• [Work required]
Give only the number of lines in the records that include the string "indices".

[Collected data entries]

(* Let $\chi\in\sum_{1\leq s\leq r-1}\mathcal B\otimes\land^sW\otimes\land^{r-s}W$ for some $r\geq3$. If $\alpha(\chi)+\beta(\chi)=\gamma(\chi)+\delta(\chi)$, then $\chi=\sum_I b_I(S_I-w_I-w'_I)$ for suitable $b_I\in\mathcal B$, where the sum runs over strictly increasing sequences $I=(i_1<i_2<\cdots<i_r)$ of indices.
   Context: $\mathcal B$ is a graded commutative algebra over $\mathbb Q$ and $W$ a graded rational vector space concentrated in odd degrees with basis $\{w_i\}$ indexed by a totally ordered set. In $\mathcal B\otimes\land W\otimes\land W$ write $w=1\otimes w\otimes 1$, $w'=1\otimes1\otimes w$, and in $\mathcal B\otimes\land W\otimes\land W\otimes\land W$ write $w,w',w''$ for $w$ in the first, second, third copy. Define algebra maps $\alpha,\beta,\gamma,\delta\colon\mathcal B\otimes\land W\otimes\land W\to\mathcal B\otimes\land W\otimes\land W\otimes\land W$, each the identity on $\mathcal B$, by: $\alpha(w)=w,\ \alpha(w')=w'$; $\beta(w)=w+w',\ \beta(w')=w''$; $\gamma(w)=w,\ \gamma(w')=w'+w''$; $\delta(w)=w',\ \delta(w')=w''$. For $I=(i_1,\dots,i_r)$ write $w_I=w_{i_1}\cdots w_{i_r}$, $w'_I=w'_{i_1}\cdots w'_{i_r}$, and $S_I=(w_{i_1}+w'_{i_1})\cdots(w_{i_r}+w'_{i_r})$. *)

From HB Require Import structures.
From mathcomp Require Import all_boot all_order all_algebra.
Set Implicit Arguments. Unset Strict Implicit. Unset Printing Implicit Defensive.
Import Order.TTheory GRing.Theory.

(* The graded tensor product  B (x) /\W (x) ... (x) /\W  (k copies) is
   identified, as usual, with B (x) /\(W + ... + W): a generator of copy c with
   index i is the pair (c, i) : nat * T.  A "word" (seq (nat * T)) denotes the
   product of its generators in order.  An element is represented by a finite
   formal list of terms (b, word) meaning  sum b * word.  The basis of the
   exterior algebra is given by strictly increasing words for the lexicographic
   order (copy first, then index); a word with distinct letters equals
   (-1)^(#inversions) times its sorted version, and a word with a repeated
   letter is 0 (generators are odd).  Thus w_I w'_J corresponds to the sorted
   word [(0,i1);..;(0,ip);(1,j1);..;(1,jq)] = basis element b (x) w_I (x) w_J. *)

Definition ltg d (T : orderType d) (a b : nat * T) : bool :=
  (a.1 < b.1)%N || ((a.1 == b.1) && (a.2 < b.2)%O).

Fixpoint ninv d (T : orderType d) (w : seq (nat * T)) : nat :=
  match w with
  | [::] => 0%N
  | x :: w' => (count (fun y => ltg y x) w' + ninv w')%N
  end.

Definition ext_elt (B : Type) d (T : orderType d) := seq (B * seq (nat * T)).

(* coefficient of the basis monomial K (K a strictly increasing word) *)
Definition coef (B : zmodType) d (T : orderType d) (x : ext_elt B T)
    (K : seq (nat * T)) : B :=
  (\sum_(p <- x)
     (if uniq p.2 && perm_eq p.2 K
      then (if odd (ninv p.2) then - p.1 else p.1) else 0))%R.

Definition ext_eq (B : zmodType) d (T : orderType d) (x y : ext_elt B T) : Prop :=
  forall K, coef x K = coef y K.

(* algebra map, identity on B, sending a generator of copy c with index i to
   the sum over c' in f c of the generator of copy c' with index i *)
Fixpoint expand d (T : orderType d) (f : nat -> seq nat) (w : seq (nat * T))
  : seq (seq (nat * T)) :=
  match w with
  | [::] => [:: [::]]
  | x :: w' => flatten [seq [seq (c, x.2) :: u | u <- expand f w'] | c <- f x.1]
  end.

Definition amap (B : Type) d (T : orderType d) (f : nat -> seq nat)
    (x : ext_elt B T) : ext_elt B T :=
  flatten [seq [seq (p.1, u) | u <- expand f p.2] | p <- x].

(* alpha(w) = w, alpha(w') = w' *)
Definition alpha_f (c : nat) : seq nat :=
  if c == 0%N then [:: 0%N] else if c == 1%N then [:: 1%N] else [::].
(* beta(w) = w + w', beta(w') = w'' *)
Definition beta_f (c : nat) : seq nat :=
  if c == 0%N then [:: 0%N; 1%N] else if c == 1%N then [:: 2%N] else [::].
(* gamma(w) = w, gamma(w') = w' + w'' *)
Definition gamma_f (c : nat) : seq nat :=
  if c == 0%N then [:: 0%N] else if c == 1%N then [:: 1%N; 2%N] else [::].
(* delta(w) = w', delta(w') = w'' *)
Definition delta_f (c : nat) : seq nat :=
  if c == 0%N then [:: 1%N] else if c == 1%N then [:: 2%N] else [::].

(* x lies in  sum_{1<=s<=r-1} B (x) /\^s W (x) /\^(r-s) W :
   every term is b * (word in copies 0,1 with s letters of copy 0 and
   r-s letters of copy 1, 1 <= s <= r-1) *)
Definition in_mid_sum (B : Type) d (T : orderType d) (r : nat)
    (x : ext_elt B T) : bool :=
  all (fun p => [&& size p.2 == r,
                    all (fun g => (g.1 <= 1)%N) p.2
                  & (0 < count (fun g => g.1 == 0%N) p.2 < r)%N]) x.

Definition SI_term (B : zmodType) d (T : orderType d) (b : B) (I : seq T)
  : ext_elt B T :=
  amap (fun c => if c == 0%N then [:: 0%N; 1%N] else [::])
       [:: (b, [seq (0%N, i) | i <- I])]
  ++ [:: ((- b)%R, [seq (0%N, i) | i <- I]); ((- b)%R, [seq (1%N, i) | i <- I])].

Definition graded_comm (B : algType rat) (Bd : int -> {pred B}) : Prop :=
  (forall n, (0 : B)%R \in Bd n) /\
      (forall n (x y : B), x \in Bd n -> y \in Bd n -> (x + y)%R \in Bd n) /\
      (forall n (a : rat) (x : B), x \in Bd n -> (a *: x)%R \in Bd n) /\
      (1 : B)%R \in Bd 0%R /\
      (forall m n (x y : B), x \in Bd m -> y \in Bd n -> (x * y)%R \in Bd (m + n)%R) /\
      (forall m n (x y : B), x \in Bd m -> y \in Bd n ->
         (x * y)%R = (if odd `|m|%N && odd `|n|%N then - (y * x) else y * x)%R) /\
      (forall x : B, exists (s : seq int) (comp : int -> B),
          (forall n, comp n \in Bd n) /\ x = (\sum_(n <- s) comp n)%R) /\
      (forall (s : seq int) (comp : int -> B), uniq s ->
          (forall n, comp n \in Bd n) -> (\sum_(n <- s) comp n)%R = 0%R ->
          forall n, n \in s -> comp n = 0%R).

From HB Require Import structures.
From mathcomp Require Import all_boot all_order all_algebra.
From mathcomp Require Import zify.
Set Implicit Arguments. Unset Strict Implicit. Unset Printing Implicit Defensive.
Import Order.TTheory GRing.Theory.

(* An element of B (x) /\W (x) ... (x) /\W is a formal list of terms b * word;
   its coefficient on a duplicate-free monomial K is  sum_p p.1 * wsign p.2 K,
   where wsign u K is the sign of the permutation carrying the word u to K
   (0 if u is not a permutation of K).  All statements are identities between
   such coefficients, which are additive in B. Change of variables (section CopyMap).  If the algebra map f sends the
      generator of copy c to the sum of the generators of the copies c' with
      pre c' = c, the coefficient of K in f(x) is  sig K * coef x (phi K),
      where phi relabels every letter by pre and sig K is an explicit sign
      (lemma coef_amap, proved by induction on words).
   2. Through 1., the hypothesis alpha(chi) + beta(chi) = gamma(chi) +
      delta(chi), read on monomials over the copies 0, 1, 2, says that the
      normalized coefficients of chi agree on the two relabellings of K by
      beta and gamma (lemma cocycle_ncoef).  Hence the normalized coefficient
      of a monomial with r >= 3 distinct indices does not depend on how the
      indices are split between the two copies (lemma split_invariance), and
      it vanishes when an index occurs in both copies (coef_repeated_index).
   3. The coefficient of a mixed monomial K in b (S_I - w_I - w'_I) is
      b * sig K if I lists the indices of K, and 0 otherwise; unmixed
      monomials get coefficient 0 (lemmas coef_SI_mixed, coef_SI_unmixed).
   Comparing coefficients monomial by monomial (lemma coef_expansion) gives
   the theorem, b_I being the common normalized coefficient of the monomials
   with index set I. *)

Lemma map_collision (T1 T2 : eqType) (h : T1 -> T2) (s : seq T1) a b :
  a \in s -> b \in s -> a != b -> h a = h b -> ~~ uniq (map h s).
Proof.
elim: s => //= y s IH; rewrite !inE => /orP[/eqP ea|ai] /orP[/eqP eb|bi] ab hab.
- by rewrite ea eb eqxx in ab.
- by rewrite negb_and negbK -ea hab map_f.
- by rewrite negb_and negbK -eb -hab map_f.
- by rewrite negb_and (IH ai bi ab hab) orbT.
Qed.

Lemma nuniq_map (T1 T2 : eqType) (h : T1 -> T2) (s : seq T1) : uniq s ->
  ~~ uniq (map h s) -> exists a b, [/\ a \in s, b \in s, a != b & h a = h b].
Proof.
elim: s => //= x s IH /andP[xs us] /nandP[/negbNE /mapP [y ys ey]|h'].
  exists x, y; split; rewrite ?inE ?eqxx ?ys ?orbT //.
  by apply: contraNneq xs => ->.
have [a [b [aK bK ab e]]] := IH us h'.
by exists a, b; split; rewrite ?inE ?aK ?bK ?orbT.
Qed.

Section Words.
Variables (d : Order.disp_t) (T : orderType d).
Local Notation G := (nat * T)%type.
Local Notation ltb a := (fun y : nat * T => ltg y a).

Lemma ltg_irr (a : G) : ltg a a = false.
Proof. by rewrite /ltg ltnn ltxx andbF. Qed.

Lemma ltg_asym (a b : G) : ltg a b -> ltg b a = false.
Proof.
case: a b => [a1 a2] [b1 b2]; rewrite /ltg /=.
by case: (ltngtP a1 b1) => // _ /lt_gtF.
Qed.

Lemma ltg_total (a b : G) : a != b -> ltg a b || ltg b a.
Proof.
case: a b => [a1 a2] [b1 b2]; rewrite /ltg /=.
case: (ltngtP a1 b1) => // e h.
by case: (ltgtP a2 b2) => // e2; rewrite e e2 eqxx in h.
Qed.

Lemma ltg_trans (b a c : G) : ltg a b -> ltg b c -> ltg a c.
Proof.
case: a b c => [a1 a2] [b1 b2] [c1 c2]; rewrite /ltg /=.
move=> /orP[h1|/andP[/eqP e1 h1]] /orP[h2|/andP[/eqP e2 h2]].
- by rewrite (ltn_trans h1 h2).
- by rewrite -e2 h1.
- by rewrite e1 h2.
- by rewrite e1 e2 eqxx (lt_trans h1 h2) orbT.
Qed.

Lemma count_ltg_split (a : G) (P : seq G) : a \notin P ->
  (count (ltb a) P + count (ltg a) P)%N = size P.
Proof.
elim: P => //= y P IH; rewrite inE negb_or => /andP[ny nP].
rewrite addnACA IH //.
case: (boolP (ltg a y)) => h; first by rewrite (ltg_asym h).
by have := ltg_total ny; rewrite (negbTE h) /= => ->.
Qed.

Fixpoint cross (s t : seq G) : nat :=
  if s is y :: s' then (count (ltb y) t + cross s' t)%N else 0%N.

• [Exercise answer]
4